The African-American communist Harry Haywood (1898–1985) dedicated his life to placing the black national liberation struggle at the centre of revolutionary politics. He wrote that “such a [national] movement would inevitably culminate in the demand for political power . . . The Black liberation struggle would be, as it had always been, a spark, a catalyst pushing forward the whole working-class and people’s struggle in the U.S.” And indeed the murder of George Floyd has served as the spark for upheaval throughout the United States, the kick that pushed the strangled masses into action.

This year the Irish political establishment in the South was irreparably shaken. The shock victory of Sinn Féin was a historic blow to the iron grip Fianna Fáil and Fine Gael have held over the Irish state for a century.

The significance of the recent RIC (or Black and Tans) commemoration scandal cannot be underestimated in accounting for Sinn Féin’s success. This invitation to “grow up,” to forgive and forget the brutality of British imperialism, sent waves of righteous indignation throughout the country. The establishment has advised us to forget airy-fairy notions of “nationhood” or “unity”: we should be solely concerned with making money and buying a house or two. We’re a cog in a global system, doing our small part to help American billionaires become trillionaires.
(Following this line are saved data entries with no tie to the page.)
(* Assume the current syndrome $\sigma$ is non-empty. (i) If $\sigma \subseteq \{v_1\}\times C_2$ for some fixed $v_1\in V_1$ (a horizontal line), then every set $F\in\mathcal F$ with $\mathrm{score}(F)=\max_{F'\in\mathcal F}\mathrm{score}(F')>0$ satisfies $F\subseteq \{v_1\}\times V_2$. (ii) Symmetrically, if $\sigma\subseteq V_1\times\{c_2\}$ for some fixed $c_2\in C_2$ (a vertical line), then every set $F\in\mathcal F$ with $\mathrm{score}(F)=\max_{F'\in\mathcal F}\mathrm{score}(F')>0$ satisfies $F\subseteq C_1\times\{c_2\}$. In other words, the only sets that Small-Set-Flip can flip in this situation lie on the line $\{v_1\}\times V_2$ (resp. $C_1\times\{c_2\}$).
   Context: Let $G=(V\cup C,E)$ be a connected bipartite graph that is $(\Delta_V,\Delta_C)$-biregular (every vertex of $V$ has degree $\Delta_V$, every vertex of $C$ has degree $\Delta_C$), with $\Delta_V,\Delta_C\ge 2$. For a vertex $x$, $\Gamma(x)$ denotes its set of neighbours in $G$. Let $G_1=(V_1\cup C_1,E_1)$ and $G_2=(V_2\cup C_2,E_2)$ be two copies of $G$. The hypergraph product code has qubit set $Q=V_1\times V_2\ \sqcup\ C_1\times C_2$. Its $X$-type checks are indexed by $V_1\times C_2$, the check $(v,c)$ acting on the qubits $\{v\}\times\Gamma(c)\ \sqcup\ \Gamma(v)\times\{c\}$. Its $Z$-type generators are indexed by $C_1\times V_2$, the generator $(c,v)$ having support $\mathrm{supp}(c,v)=\Gamma(c)\times\{v\}\ \sqcup\ \{c\}\times\Gamma(v)$. For a set $F\subseteq Q$ (support of a $Z$ error), its syndrome $\sigma(F)\subseteq V_1\times C_2$ is the set of $X$-checks acting on an odd number of qubits of $F$. The current syndrome $\sigma\subseteq V_1\times C_2$ is the set of unsatisfied checks. Let $\mathcal F=\{F: F\subseteq \mathrm{supp}(c,v)\text{ for some }(c,v)\in C_1\times V_2\}$. For $F\neq\emptyset$, $\mathrm{score}(F)=\big(|\sigma|-|\sigma\,\triangle\,\sigma(F)|\big)/|F|$ (here $\triangle$ is symmetric difference, i.e. sum mod 2), and $\mathrm{score}(\emptyset)=0$. The Small-Set-Flip decoder, in each iteration, selects a set $F\in\mathcal F$ maximizing $\mathrm{score}$ and, if that score is positive, flips it (replacing $\sigma$ by $\sigma\triangle\sigma(F)$); otherwise it stops. *)

From mathcomp Require Import all_boot all_order all_algebra.
Set Implicit Arguments. Unset Strict Implicit. Unset Printing Implicit Defensive.
Import Order.TTheory GRing.Theory Num.Theory.

Section HGP.
Variables (V C : finType) (adj : V -> C -> bool).
(* G = (V u C, E) bipartite, with edge set {(v,c) | adj v c}.
   Both copies G1, G2 are G itself: V1 = V2 = V, C1 = C2 = C. *)

Definition Gv (v : V) : {set C} := [set c | adj v c].
Definition Gc (c : C) : {set V} := [set v | adj v c].

Definition bip_edge : rel (V + C) := fun x y =>
  match x, y with
  | inl v, inr c => adj v c
  | inr c, inl v => adj v c
  | _, _ => false
  end.
Definition bip_connected : Prop := forall x y : V + C, connect bip_edge x y.

(* qubits : V1 x V2 (inl) disjoint-union C1 x C2 (inr) *)
Definition xcheck (x : V * C) : {set (V * V) + (C * C)} :=
  [set q | match q with
           | inl (a, b) => (a == x.1) && (b \in Gc x.2)
           | inr (c1, c2) => (c1 \in Gv x.1) && (c2 == x.2)
           end].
Yet the people of Ireland have taken a tentative step in rejecting the philosophy that the Southern statelet was built upon: subservience to imperialism. The ruling class of Ireland, like most ruling classes, has been preoccupied with rejecting a fundamental law of reality, that change is the only constant, and intend to keep the country divided and beholden to British, American and European interests for ever.

But the working class of Ireland have no interest in playing the role of servant to imperial masters—in fact it’s entirely at odds with their material interests.

Republicanism is the inevitable manifestation of this contradiction, and it has served as the radical philosophy of all broad-based revolutionary struggles in this country for many centuries. For now, Sinn Féin represent this longing for national sovereignty, even if far more radical politics will be necessary in order to achieve it. Attacks on our republican tradition (equating it with the far-right, terrorism, etc.) and attempts to gloss over our colonisation represent the Southern ruling class’s attempt to undermine this burgeoning trend and hold stagnant the forward movement of history. The people of Ireland will not be fooled.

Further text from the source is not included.